• [Assignment]: Filter the material below down to the lines containing the word "Section".

• [Material provided]:
(* Let $P$ be a finite poset. If $I\subseteq P$ is a poset ideal, then $\mathfrak{p}(I)=(x_p)_{p\in I}\subseteq k[x_P]$ is a $P$-stable monomial prime ideal. Conversely every $P$-stable monomial prime ideal $\mathfrak{p}(S)=(x_p)_{p\in S}$, $S\subseteq P$, is of this form, i.e. $S$ is a poset ideal.
   Context: $k$ is a field and $k[x_P]$ the polynomial ring in variables $x_p$, $p\in P$. For $b\in P$, a $b$-chain is a multichain $C: p_1\le\dots\le p_r$ with $p_r\le b$; its length is $r$, $m_C=\prod x_{p_i}$; $C$ is in a monomial $m$ if $m_C\mid m$; a longest $b$-chain in $m$ is one of maximal length among $b$-chains in $m$; $C$ goes through $a$ if $a\le b$ and $a$ is comparable to every $p_i$. For an antichain $B$, $m_B=\prod_{b\in B}x_b$. A monomial ideal $I$ is $P$-stable if whenever $m=n\,m_B\in I$ ($n$ a monomial, $B$ an antichain) and $a\in P$ is such that for every $b\in B$ some longest $b$-chain in $m$ goes through $a$, then $n\,x_a\in I$. *)

From HB Require Import structures.
From mathcomp Require Import all_boot all_order all_algebra.
From mathcomp Require Import mpoly.
Set Implicit Arguments. Unset Strict Implicit. Unset Printing Implicit Defensive.
Import Order.TTheory GRing.Theory.
Local Open Scope ring_scope.
Local Open Scope order_scope.

Section PStable.
Variables (k : fieldType) (disp : Order.disp_t) (P : finPOrderType disp).

Definition kxP := {mpoly k[#|P|]}.
Definition var (p : P) : kxP := 'X_(enum_rank p).

Definition mono (e : P -> nat) : kxP := \prod_(p : P) var p ^+ e p.

Definition mB (B : {set P}) : kxP := \prod_(b in B) var b.

Definition antichain (B : {set P}) : Prop :=
  forall x y, x \in B -> y \in B -> x <= y -> x = y.

Definition poset_ideal (S : {set P}) : Prop :=
  forall x y, y \in S -> x <= y -> x \in S.

Definition bchain (b : P) (C : seq P) : Prop :=
  sorted <=%O C /\ last b C <= b.

(* C is in the monomial with exponent function e: m_C divides it *)
Definition chain_in (e : P -> nat) (C : seq P) : Prop :=
  forall p, (count_mem p C <= e p)%N.

Definition longest_bchain_in (e : P -> nat) (b : P) (C : seq P) : Prop :=
  [/\ bchain b C, chain_in e C &
      forall C', bchain b C' -> chain_in e C' -> (size C' <= size C)%N].

Definition goes_through (a b : P) (C : seq P) : Prop :=
  a <= b /\ all (fun p => (a <= p) || (p <= a)) C.

(* P-stability of a (monomial) ideal I, given as a predicate on k[x_P].
   For m = n * m_B, the exponent function of m is  p |-> n p + [p \in B]. *)
Definition P_stable (I : kxP -> Prop) : Prop :=
  forall (n : P -> nat) (B : {set P}) (a : P),
    antichain B ->
    I (mono n * mB B) ->
    (forall b, b \in B ->
       exists C, longest_bchain_in (fun p => (n p + (p \in B))%N) b C
                 /\ goes_through a b C) ->
    I (mono n * var a).

Definition pideal (S : {set P}) (f : kxP) : Prop :=
  exists c : P -> kxP, f = \sum_(p in S) c p * var p.

Definition prime_ideal (I : kxP -> Prop) : Prop :=
  [/\ I 0,
      forall f g, I f -> I g -> I (f + g),
      forall f g, I g -> I (f * g),
      ~ I 1 &
      forall f g, I (f * g) -> I f \/ I g].

(* I is a monomial ideal: generated by monomials, i.e. a polynomial lies in I
   iff each of its terms does. *)
Definition monomial_ideal (I : kxP -> Prop) : Prop :=
  forall f : kxP, I f <-> (forall m, m \in msupp f -> I 'X_[m]).

End PStable.

(* The ideal (x_p)_{p in S} is the kernel of the substitution killing the
   variables x_p, p in S.  This substitution maps every monomial either to 0
   or to itself, so its kernel is a monomial ideal, and it is prime because
   k[x_P] is a domain.  If S is down-closed and n m_B lies in the ideal, then
   by primality either n does, or x_b does for some b in B, i.e. b in S; a
   b-chain through a forces a <= b, so a in S.  Conversely, for x <= y in S,
   the only longest y-chain in x_y = 1 * m_{y} is (y), and it goes through x;
   P-stability then puts x_x in the ideal, i.e. x in S. *)

From HB Require Import structures.
From mathcomp Require Import all_boot all_order all_algebra.
From mathcomp Require Import mpoly.

Set Implicit Arguments. Unset Strict Implicit. Unset Printing Implicit Defensive.
Import Order.TTheory GRing.Theory.

Section KillVariables.
Variables (R : comNzRingType) (n : nat) (A : {set 'I_n}).
Local Open Scope ring_scope.
Implicit Types (f g : {mpoly R[n]}) (m : 'X_{1..n}).

Definition vars_ideal f : Prop :=
  exists c : 'I_n -> {mpoly R[n]}, f = \sum_(i in A) c i * 'X_i.

Lemma vars_ideal0 : vars_ideal 0.
Proof. by exists (fun=> 0); rewrite big1 // => i _; rewrite mul0r. Qed.

Lemma vars_idealD f g : vars_ideal f -> vars_ideal g -> vars_ideal (f + g).
Proof.
move=> [c ->] [d ->]; exists (fun i => c i + d i).
by rewrite -big_split; apply: eq_bigr => i _; rewrite mulrDl.
Qed.

Lemma vars_idealMl f g : vars_ideal g -> vars_ideal (f * g).
Proof.
move=> [c ->]; exists (fun i => f * c i).
by rewrite mulr_sumr; apply: eq_bigr => i _; rewrite mulrA.
Qed.

Definition mnm_meets m := [exists i in A, 0 < m i]%N.

Lemma vars_idealX m : mnm_meets m -> vars_ideal 'X_[m].
Proof.
case/exists_inP => i iA mi_gt0.
have -> : 'X_[m] = 'X_[m - U_(i)] * 'X_i :> {mpoly R[n]}.
  rewrite -mpolyXD; congr 'X_[_]; apply/mnmP => j.
  rewrite mnmDE mnmBE mnm1E; case: eqP => [<-|_]; last by rewrite subn0 addn0.
  by rewrite subnK.
apply: vars_idealMl; exists (fun j => (j == i)%:R).
by rewrite (bigD1 i) //= eqxx mul1r big1 ?addr0 // => j /andP[_ /negbTE->]; rewrite mul0r.
Qed.

Definition kill_vars : {mpoly R[n]} -> {mpoly R[n]} :=
  comp_mpoly [tuple if i \in A then 0 else 'X_i | i < n].

HB.instance Definition _ := GRing.RMorphism.copy kill_vars kill_vars.

Lemma kill_varsXU i : kill_vars 'X_i = if i \in A then 0 else 'X_i.
Proof. by rewrite /kill_vars comp_mpolyXU -tnth_nth tnth_mktuple. Qed.

Lemma kill_varsX m : kill_vars 'X_[m] = if mnm_meets m then 0 else 'X_[m].
Proof.
rewrite /kill_vars comp_mpolyX; case: ifP => [/exists_inP[i iA mi_gt0] | meets_m].
  rewrite (bigD1 i) //= tnth_mktuple iA expr0n.
  by case: (m i) mi_gt0 => // ? _; rewrite mul0r.
rewrite [RHS]mpolyXE_id; apply: eq_bigr => i _; rewrite tnth_mktuple.
case: ifP => // iA; case mi: (m i) => [|j]; first by rewrite !expr0.
by move/negbT: meets_m => /exists_inPn /(_ i iA); rewrite mi.
Qed.

Lemma mcoeff_kill_vars f m0 :
  (kill_vars f)@_m0 = if mnm_meets m0 then 0 else f@_m0.
Proof.
have kill_coef m :
    (kill_vars 'X_[m])@_m0 = if mnm_meets m0 then 0 else 'X_[m]@_m0.
  rewrite kill_varsX; have [<-|ne] := eqVneq m m0; first by case: ifP; rewrite ?mcoeff0.
  by case: ifP; rewrite ?mcoeff0 ?mcoeffX ?(negbTE ne) if_same.
rewrite [kill_vars f]comp_mpolyEX raddf_sum /=.
under eq_bigr do rewrite mcoeffZ kill_coef.
case: ifP => _; first by rewrite big1 // => m _; rewrite mulr0.
by rewrite [in RHS](mpolyE f) raddf_sum; apply: eq_bigr => m _; rewrite -mcoeffZ.
Qed.

Lemma kill_vars_eq0 f : (kill_vars f == 0) = all mnm_meets (msupp f).
Proof.
apply/eqP/allP => [kill_f m m_f | meets_supp].
  apply/contraT => /negbTE not_meets; have /eqP := congr1 (mcoeff m) kill_f.
  by rewrite mcoeff_kill_vars not_meets mcoeff0 mcoeff_eq0 m_f.
apply/mpolyP => m; rewrite mcoeff_kill_vars mcoeff0; case: ifP => // not_meets.
by apply/memN_msupp_eq0; apply: contraFN not_meets; apply: meets_supp.
Qed.

Lemma vars_idealE f : vars_ideal f <-> kill_vars f = 0.
Proof.
split=> [[c ->] | /eqP].
  by rewrite rmorph_sum big1 // => i iA; rewrite rmorphM /= kill_varsXU iA mulr0.
rewrite kill_vars_eq0 => /allP meets_supp; rewrite (mpolyE f) big_seq.
apply: (big_ind vars_ideal vars_ideal0 vars_idealD) => m /meets_supp/vars_idealX.
by rewrite -mul_mpolyC; apply: vars_idealMl.
Qed.

End KillVariables.

Section VariableIdeals.
Variables (k : fieldType) (disp : Order.disp_t) (P : finPOrderType disp).
Local Open Scope ring_scope.
Local Open Scope order_scope.
Implicit Types (S : {set P}) (f : kxP k P).

Lemma pideal_vars_ideal S f : pideal S f <-> vars_ideal (enum_rank @: S) f.
Proof.
have sum_ranks (c : 'I_#|P| -> kxP k P) :
    \sum_(i in enum_rank @: S) c i * 'X_i = \sum_(p in S) c (enum_rank p) * var k p.
  by rewrite big_imset //; exact: in2W enum_rank_inj.
split=> [[c ->] | [c ->]]; last by exists (c \o enum_rank); rewrite sum_ranks.
exists (c \o enum_val); rewrite sum_ranks.
by apply: eq_bigr => p _; rewrite /= enum_rankK.
Qed.

Lemma pidealE S f : pideal S f <-> kill_vars (enum_rank @: S) f = 0.
Proof. by rewrite pideal_vars_ideal vars_idealE. Qed.

Lemma pideal_var S p : pideal S (var k p) <-> p \in S.
Proof.
rewrite pidealE kill_varsXU mem_imset //; last exact: enum_rank_inj.
case: (p \in S); split=> // /eqP; by rewrite -msupp_eq0 msuppX.
Qed.

Lemma pidealX S m : pideal S ('X_[m] : kxP k P) <-> mnm_meets (enum_rank @: S) m.
Proof. by rewrite pidealE (rwP eqP) kill_vars_eq0 msuppX /= andbT. Qed.

Lemma pideal_monomial S : monomial_ideal (@pideal k _ P S).
Proof.
move=> f; rewrite pidealE (rwP eqP) kill_vars_eq0.
split=> [/allP meets_supp m /meets_supp/pidealX // | supp_f].
by apply/allP => m /supp_f/pidealX.
Qed.

Lemma pideal_prime S : prime_ideal (@pideal k _ P S).
Proof.
split=> [|f g|f g|/pidealE|f g]; rewrite ?pidealE.
- exact: rmorph0.
- by rewrite rmorphD /= => -> ->; rewrite addr0.
- by rewrite rmorphM /= => ->; rewrite mulr0.
- by rewrite rmorph1; apply/eqP; exact: oner_neq0.
- by rewrite rmorphM => /eqP; rewrite mulf_eq0 => /orP[] /eqP; [left|right].
Qed.

Lemma prime_ideal_prod (I : kxP k P -> Prop) (T : finType) (A : {set T}) F :
  prime_ideal I -> I (\prod_(i in A) F i) -> exists2 i, i \in A & I (F i).
Proof.
case=> _ _ _ not_I1 I_prime; elim/big_rec: _ => [/not_I1 // | i x iA IHx].
by case/I_prime => [|/IHx]; [exists i | ].
Qed.

Lemma poset_ideal_P_stable S : poset_ideal S -> P_stable (@pideal k _ P S).
Proof.
move=> S_down n B a _; have I_prime := pideal_prime S.
have [_ _ I_mul _ I_split] := I_prime.
case/I_split => [I_n _ | I_mB chains]; first by rewrite mulrC; apply: I_mul.
have [b bB /pideal_var bS] := prime_ideal_prod I_prime I_mB.
have [C [_ [ab _]]] := chains b bB.
by apply/I_mul/pideal_var/(S_down a b).
Qed.

Lemma mono0 : mono k (fun _ : P => 0%N) = 1.
Proof. by rewrite /mono big1 // => p _; rewrite expr0. Qed.

Lemma mB_set1 (b : P) : mB k [set b] = var k b.
Proof. exact: big_set1. Qed.

(* The exponent vector of [mono 0 * mB [set b]]: [0 + e] reduces to [e]. *)
Lemma longest_bchain_in_set1 (b : P) :
  longest_bchain_in (fun p => nat_of_bool (p \in [set b])) b [:: b].
Proof.
split=> [|p|C _ C_in]; rewrite /= ?lexx ?in_set1 ?addn0 1?eq_sym //.
have C_b : all (pred1 b) C.
  apply/allP => p pC /=; apply/contraT => /negbTE pb; have := C_in p.
  by rewrite in_set1 pb leqn0 => /eqP/count_memPn; rewrite pC.
by rewrite all_count in C_b; rewrite -(eqP C_b); have := C_in b; rewrite in_set1 eqxx.
Qed.

Lemma P_stable_poset_ideal S : P_stable (@pideal k _ P S) -> poset_ideal S.
Proof.
move=> stable x y yS xy; apply/pideal_var.
rewrite -[var k x]mul1r -mono0; apply: (stable _ [set y]).
- by move=> u v /set1P -> /set1P ->.
- by rewrite mono0 mul1r mB_set1; apply/pideal_var.
- move=> b /set1P ->; exists [:: y]; split; first exact: longest_bchain_in_set1.
  by split; rewrite //= xy.
Qed.

End VariableIdeals.

Theorem lemma3p17 (k : fieldType) (disp : Order.disp_t) (P : finPOrderType disp)
    (S : {set P}) :
  (poset_ideal S ->
     [/\ monomial_ideal (@pideal k _ P S), prime_ideal (@pideal k _ P S)
       & P_stable (@pideal k _ P S)]) /\
  (P_stable (@pideal k _ P S) -> poset_ideal S).
Proof.
split; last exact: P_stable_poset_ideal.
move=> S_down; split; [exact: pideal_monomial | exact: pideal_prime |].
exact: poset_ideal_P_stable.
Qed.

• [Solution to this problem]:
Section PStable.
Section KillVariables.
Section VariableIdeals.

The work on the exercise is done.